Question

The equation of the smallest circle passing thorough intersecting of line $x+y=1$the circle $x^2+y^2=9$, is:

• A. $x^2+y^2$=$9+x+y-8=0$
• B. $x^2+y^2$=$9-x-y-8=0$
• C. $x^2+y^2$=$9-x+y-8=0$
• D. none of these

Answer 1

The correct option is A $x^2+y^2$=$9+x+y-8=0$

We have,

The equation of family of circle passing through the point of $S+\lambda L=0$

$x^2+y^2-9-\lambda (x+y-1).......\left(1\right)$

Where

$S=x^2+y^2-9$

$L=x+y-1$

We observe that, line $y=x$ symmetric to both circle and line.

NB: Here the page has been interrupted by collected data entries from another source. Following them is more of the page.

(* Let $\mathcal H$ be a hypergraph and let $m\ge l+1$ be integers with $l\ge 0$. Suppose the embedded homology satisfies $H_n(\mathcal H)=0$ for all $l\le n\le m$. Then for every $n$ with $l+1\le n\le m$: (i) $H_n(\Delta\mathcal H,\mathcal H)\cong H_n(\Delta\mathcal H)$; (ii) $H_n(\mathcal H,\delta\mathcal H)\cong H_{n-1}(\delta\mathcal H)$; (iii) there is a short exact sequence $$0\to H_n(\Delta\mathcal H)\to H_n(\Delta\mathcal H,\delta\mathcal H)\to H_{n-1}(\delta\mathcal H)\to 0,$$ where $H_n(\Delta\mathcal H,\delta\mathcal H)$ is the usual simplicial relative homology, isomorphic to the reduced homology $\tilde H_n(|\Delta\mathcal H|/|\delta\mathcal H|)$ of the quotient of geometric realizations. Consequently $0\to H_n(\Delta\mathcal H,\mathcal H)\to \tilde H_n(|\Delta\mathcal H|/|\delta\mathcal H|)\to H_n(\mathcal H,\delta\mathcal H)\to 0$ is exact.
   Context: A hypergraph is a finite set $\mathcal H$ of nonempty finite subsets of a vertex set; elements are hyperedges, an $n$-hyperedge having $n+1$ vertices. The associated simplicial complex is $\Delta\mathcal H=\{\sigma\ne\emptyset:\sigma\subseteq\tau\text{ for some }\tau\in\mathcal H\}$ and the lower-associated simplicial complex is $\delta\mathcal H=\{\sigma\in\mathcal H:\ \text{every nonempty }\tau\subseteq\sigma\text{ lies in }\mathcal H\}$; thus $\delta\mathcal H\subseteq\mathcal H\subseteq\Delta\mathcal H$. Fix an abelian coefficient group $G$; $C_*(\Delta\mathcal H)$ is the simplicial chain complex with coefficients in $G$ and boundary $\partial$, $G(\mathcal H)_n$ the $G$-linear combinations of $n$-hyperedges, $\mathrm{Inf}_n(\mathcal H)=G(\mathcal H)_n\cap\partial_n^{-1}(G(\mathcal H)_{n-1})$. Embedded homology: $H_n(\mathcal H)=H_n(\mathrm{Inf}_*(\mathcal H))$; for $\mathcal A\subseteq\mathcal B$ relative embedded homology $H_n(\mathcal B,\mathcal A)=H_n(\mathrm{Inf}_*(\mathcal B)/\mathrm{Inf}_*(\mathcal A))$. For simplicial complexes these agree with ordinary simplicial (relative) homology with coefficients in $G$. *)

From HB Require Import structures.
From mathcomp Require Import all_boot all_order all_algebra.
Set Implicit Arguments. Unset Strict Implicit. Unset Printing Implicit Defensive.
Import GRing.Theory.
Local Open Scope ring_scope.

(* Vertices are 'I_N (any finite vertex set, ordered by the natural order on
   'I_N which fixes the orientation of simplices); simplices / hyperedges are
   nonempty subsets of 'I_N; coefficients in an abelian group G : zmodType.  *)
Section Hypergraph.
Variables (N : nat) (G : zmodType).

Definition simplex := {set 'I_N}.

(* A (possibly inhomogeneous) chain: a G-valued function on simplices. *)
Definition chain := {ffun simplex -> G}.

(* Simplicial boundary:  d[v_0..v_k] = \sum_i (-1)^i [v_0.. ^v_i ..v_k],
   v_0 < ... < v_k.  The coefficient of tau = sigma \ {v} is (-1)^#{u in tau | u < v}.
   The (non-augmented) boundary of a vertex is 0. *)
Definition bd (c : chain) : chain :=
  [ffun t : simplex => if t == set0 then 0 else
     \sum_(v : 'I_N | v \notin t)
        (if odd #|[set u in t | (val u < val v)%N]| then - c (v |: t)
         else c (v |: t))].

Definition deg (n : nat) (c : chain) : Prop :=
  forall s, c s != 0 -> #|s| = n.+1.
Definition supp_in (K : {set simplex}) (c : chain) : Prop :=
  forall s, c s != 0 -> s \in K.

Definition GH (K : {set simplex}) (n : nat) (c : chain) : Prop :=
  deg n c /\ supp_in K c.

Definition Inf (H : {set simplex}) (n : nat) (c : chain) : Prop :=
  GH H n c /\ GH H n.-1 (bd c).

Definition zeroP (n : nat) (c : chain) : Prop := c = 0.

(* n-th homology of the quotient chain complex P/Q (Q a subcomplex of P),
   presented as a subquotient  cycles / boundaries  of the chain group. *)
Record subquot := SubQuot { sq_cyc : chain -> Prop; sq_bd : chain -> Prop }.

Definition rel_cycles (P Q : nat -> chain -> Prop) (n : nat) (x : chain) : Prop :=
  P n x /\ Q n.-1 (bd x).
Definition rel_bounds (P Q : nat -> chain -> Prop) (n : nat) (x : chain) : Prop :=
  exists y z, P n.+1 y /\ Q n z /\ x = bd y + z.
Definition homol (P Q : nat -> chain -> Prop) (n : nat) : subquot :=
  SubQuot (rel_cycles P Q n) (rel_bounds P Q n).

Then mid point will be point of intersection of $y=x$ and $x+y=1$

Which

$x=\frac{1}{2},y=\frac{1}{2}$

Put the value of $x$ and $y$ in equation (1) and we get,

$\lambda =1$

Then,

$x^2+y^2-9-1(x+y-1)=0$

$\Rightarrow x^2+y^2-9-x-y+8=0$

$\Rightarrow x^2+y^2=9+x+y-8$

Hence, this is the answer.